Listed entries: Begin

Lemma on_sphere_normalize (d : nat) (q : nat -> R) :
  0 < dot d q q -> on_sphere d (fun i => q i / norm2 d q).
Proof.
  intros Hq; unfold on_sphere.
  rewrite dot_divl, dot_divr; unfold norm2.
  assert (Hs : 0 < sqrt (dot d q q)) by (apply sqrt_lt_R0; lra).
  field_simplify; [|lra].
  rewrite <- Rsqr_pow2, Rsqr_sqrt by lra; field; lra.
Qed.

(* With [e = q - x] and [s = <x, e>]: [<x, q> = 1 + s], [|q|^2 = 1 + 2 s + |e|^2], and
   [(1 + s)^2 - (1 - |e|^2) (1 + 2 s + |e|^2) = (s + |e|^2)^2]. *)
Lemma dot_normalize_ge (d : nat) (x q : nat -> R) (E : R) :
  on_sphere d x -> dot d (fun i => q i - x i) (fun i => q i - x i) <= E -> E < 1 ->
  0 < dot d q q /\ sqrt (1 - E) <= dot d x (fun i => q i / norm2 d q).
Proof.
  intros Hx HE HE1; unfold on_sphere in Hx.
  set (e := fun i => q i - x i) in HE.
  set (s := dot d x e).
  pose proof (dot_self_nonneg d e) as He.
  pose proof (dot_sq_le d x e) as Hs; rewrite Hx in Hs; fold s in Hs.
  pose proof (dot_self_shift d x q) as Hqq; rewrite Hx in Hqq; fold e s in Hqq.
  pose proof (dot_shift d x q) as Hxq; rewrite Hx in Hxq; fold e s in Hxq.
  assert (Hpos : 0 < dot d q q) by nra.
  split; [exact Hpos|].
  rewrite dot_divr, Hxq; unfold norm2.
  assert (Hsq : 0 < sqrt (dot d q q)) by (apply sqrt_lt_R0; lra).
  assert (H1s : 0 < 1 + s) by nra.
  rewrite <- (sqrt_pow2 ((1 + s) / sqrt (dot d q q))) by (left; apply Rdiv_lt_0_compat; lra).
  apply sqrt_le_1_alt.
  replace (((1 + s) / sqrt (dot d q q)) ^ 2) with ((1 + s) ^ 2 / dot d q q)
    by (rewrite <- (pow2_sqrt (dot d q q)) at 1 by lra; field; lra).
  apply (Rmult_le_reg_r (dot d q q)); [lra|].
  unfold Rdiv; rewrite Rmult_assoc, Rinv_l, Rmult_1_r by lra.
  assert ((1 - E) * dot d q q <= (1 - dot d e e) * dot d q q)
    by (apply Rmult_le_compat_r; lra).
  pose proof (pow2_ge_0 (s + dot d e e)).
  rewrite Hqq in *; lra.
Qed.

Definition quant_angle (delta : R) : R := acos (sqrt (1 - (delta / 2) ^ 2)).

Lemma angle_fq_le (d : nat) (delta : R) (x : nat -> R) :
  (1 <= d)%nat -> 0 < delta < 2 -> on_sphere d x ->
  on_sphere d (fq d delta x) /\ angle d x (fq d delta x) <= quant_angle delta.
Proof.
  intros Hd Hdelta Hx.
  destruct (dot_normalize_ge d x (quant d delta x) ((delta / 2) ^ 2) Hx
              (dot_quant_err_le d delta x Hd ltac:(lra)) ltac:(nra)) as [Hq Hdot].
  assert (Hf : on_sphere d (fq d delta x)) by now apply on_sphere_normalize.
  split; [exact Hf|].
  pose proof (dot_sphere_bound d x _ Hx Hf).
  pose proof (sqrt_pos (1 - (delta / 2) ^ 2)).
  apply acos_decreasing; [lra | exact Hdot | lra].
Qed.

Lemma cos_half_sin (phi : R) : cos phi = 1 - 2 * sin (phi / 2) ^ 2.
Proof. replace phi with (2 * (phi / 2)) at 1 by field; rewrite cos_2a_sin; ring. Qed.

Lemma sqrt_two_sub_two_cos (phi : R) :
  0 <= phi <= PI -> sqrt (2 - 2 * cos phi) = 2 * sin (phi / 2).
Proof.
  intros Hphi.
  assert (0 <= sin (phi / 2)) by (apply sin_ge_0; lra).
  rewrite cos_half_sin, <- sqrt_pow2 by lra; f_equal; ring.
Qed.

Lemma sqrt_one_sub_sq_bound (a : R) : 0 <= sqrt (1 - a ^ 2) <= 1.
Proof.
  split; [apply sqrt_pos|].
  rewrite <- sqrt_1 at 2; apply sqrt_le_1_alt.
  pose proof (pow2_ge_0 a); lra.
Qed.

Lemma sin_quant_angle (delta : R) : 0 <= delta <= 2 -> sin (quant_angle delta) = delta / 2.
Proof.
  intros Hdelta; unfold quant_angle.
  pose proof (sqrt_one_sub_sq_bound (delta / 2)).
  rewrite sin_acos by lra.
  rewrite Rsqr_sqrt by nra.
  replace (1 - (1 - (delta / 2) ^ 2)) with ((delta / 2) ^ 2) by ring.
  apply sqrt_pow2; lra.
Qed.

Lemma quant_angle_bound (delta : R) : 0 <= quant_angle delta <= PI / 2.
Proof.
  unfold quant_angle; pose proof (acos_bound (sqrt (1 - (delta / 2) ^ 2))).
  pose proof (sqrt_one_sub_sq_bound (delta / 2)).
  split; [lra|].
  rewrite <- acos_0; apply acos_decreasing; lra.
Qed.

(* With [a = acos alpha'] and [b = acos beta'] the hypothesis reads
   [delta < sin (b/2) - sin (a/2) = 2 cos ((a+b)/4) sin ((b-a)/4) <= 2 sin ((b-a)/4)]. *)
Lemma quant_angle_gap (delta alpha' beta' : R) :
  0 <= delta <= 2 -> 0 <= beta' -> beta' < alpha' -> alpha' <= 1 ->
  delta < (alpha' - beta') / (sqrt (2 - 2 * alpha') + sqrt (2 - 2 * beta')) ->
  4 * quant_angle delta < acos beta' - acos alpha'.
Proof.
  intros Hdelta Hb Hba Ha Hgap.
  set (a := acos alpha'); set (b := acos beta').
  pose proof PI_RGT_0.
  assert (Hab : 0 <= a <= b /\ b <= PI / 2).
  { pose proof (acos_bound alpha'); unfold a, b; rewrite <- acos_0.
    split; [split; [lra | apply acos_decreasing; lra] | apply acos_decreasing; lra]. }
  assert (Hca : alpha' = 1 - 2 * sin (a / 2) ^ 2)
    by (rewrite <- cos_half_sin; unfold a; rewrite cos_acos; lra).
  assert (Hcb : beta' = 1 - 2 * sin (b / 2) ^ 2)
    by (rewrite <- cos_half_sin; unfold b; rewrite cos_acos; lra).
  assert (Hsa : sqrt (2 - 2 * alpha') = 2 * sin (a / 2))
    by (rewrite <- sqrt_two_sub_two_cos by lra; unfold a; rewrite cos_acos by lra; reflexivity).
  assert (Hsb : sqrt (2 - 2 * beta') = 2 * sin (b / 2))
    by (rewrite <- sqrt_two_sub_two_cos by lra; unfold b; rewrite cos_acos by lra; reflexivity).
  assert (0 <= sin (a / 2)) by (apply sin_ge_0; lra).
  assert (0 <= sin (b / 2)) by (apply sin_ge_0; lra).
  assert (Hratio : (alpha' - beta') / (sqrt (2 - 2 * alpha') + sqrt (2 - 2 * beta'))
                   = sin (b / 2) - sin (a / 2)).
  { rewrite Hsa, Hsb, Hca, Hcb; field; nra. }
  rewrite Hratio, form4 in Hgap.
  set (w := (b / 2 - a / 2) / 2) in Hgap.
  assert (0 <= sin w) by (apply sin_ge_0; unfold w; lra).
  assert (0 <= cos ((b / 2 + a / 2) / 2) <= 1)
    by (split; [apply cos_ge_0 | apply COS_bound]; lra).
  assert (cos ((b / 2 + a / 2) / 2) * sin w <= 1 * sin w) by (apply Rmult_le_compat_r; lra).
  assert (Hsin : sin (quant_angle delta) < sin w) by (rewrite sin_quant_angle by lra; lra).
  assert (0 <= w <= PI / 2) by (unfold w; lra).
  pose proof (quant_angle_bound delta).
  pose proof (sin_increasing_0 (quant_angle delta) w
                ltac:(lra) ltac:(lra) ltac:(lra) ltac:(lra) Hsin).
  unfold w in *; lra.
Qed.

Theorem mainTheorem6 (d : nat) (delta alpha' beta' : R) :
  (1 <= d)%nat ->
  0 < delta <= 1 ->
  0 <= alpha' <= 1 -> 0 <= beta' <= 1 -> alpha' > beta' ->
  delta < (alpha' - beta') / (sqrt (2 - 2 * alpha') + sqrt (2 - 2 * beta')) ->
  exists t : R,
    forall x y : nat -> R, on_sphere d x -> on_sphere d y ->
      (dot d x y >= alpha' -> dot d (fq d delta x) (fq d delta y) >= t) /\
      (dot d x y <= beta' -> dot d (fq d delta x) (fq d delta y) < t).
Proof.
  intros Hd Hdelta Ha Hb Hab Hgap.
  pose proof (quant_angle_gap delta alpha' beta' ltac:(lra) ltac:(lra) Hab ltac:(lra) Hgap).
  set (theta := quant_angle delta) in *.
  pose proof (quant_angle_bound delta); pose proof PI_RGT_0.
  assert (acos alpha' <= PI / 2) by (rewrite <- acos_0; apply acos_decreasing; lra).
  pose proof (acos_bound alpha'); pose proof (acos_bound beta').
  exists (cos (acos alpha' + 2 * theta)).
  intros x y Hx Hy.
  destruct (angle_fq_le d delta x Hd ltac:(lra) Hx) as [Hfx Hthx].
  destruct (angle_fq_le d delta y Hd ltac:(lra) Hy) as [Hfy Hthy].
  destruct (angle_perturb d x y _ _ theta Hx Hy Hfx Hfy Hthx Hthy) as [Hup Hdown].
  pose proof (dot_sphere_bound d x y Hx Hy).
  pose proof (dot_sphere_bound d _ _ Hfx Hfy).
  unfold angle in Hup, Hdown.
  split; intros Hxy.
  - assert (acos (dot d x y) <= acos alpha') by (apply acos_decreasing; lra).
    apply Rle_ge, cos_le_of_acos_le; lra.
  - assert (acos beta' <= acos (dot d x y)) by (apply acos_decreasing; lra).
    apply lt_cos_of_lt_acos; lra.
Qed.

Listed entries: End

Assignment: Please copy every line of the records above in which "Hdot" appears.

Written solution:
              (dot_quant_err_le d delta x Hd ltac:(lra)) ltac:(nra)) as [Hq Hdot].
  apply acos_decreasing; [lra | exact Hdot | lra].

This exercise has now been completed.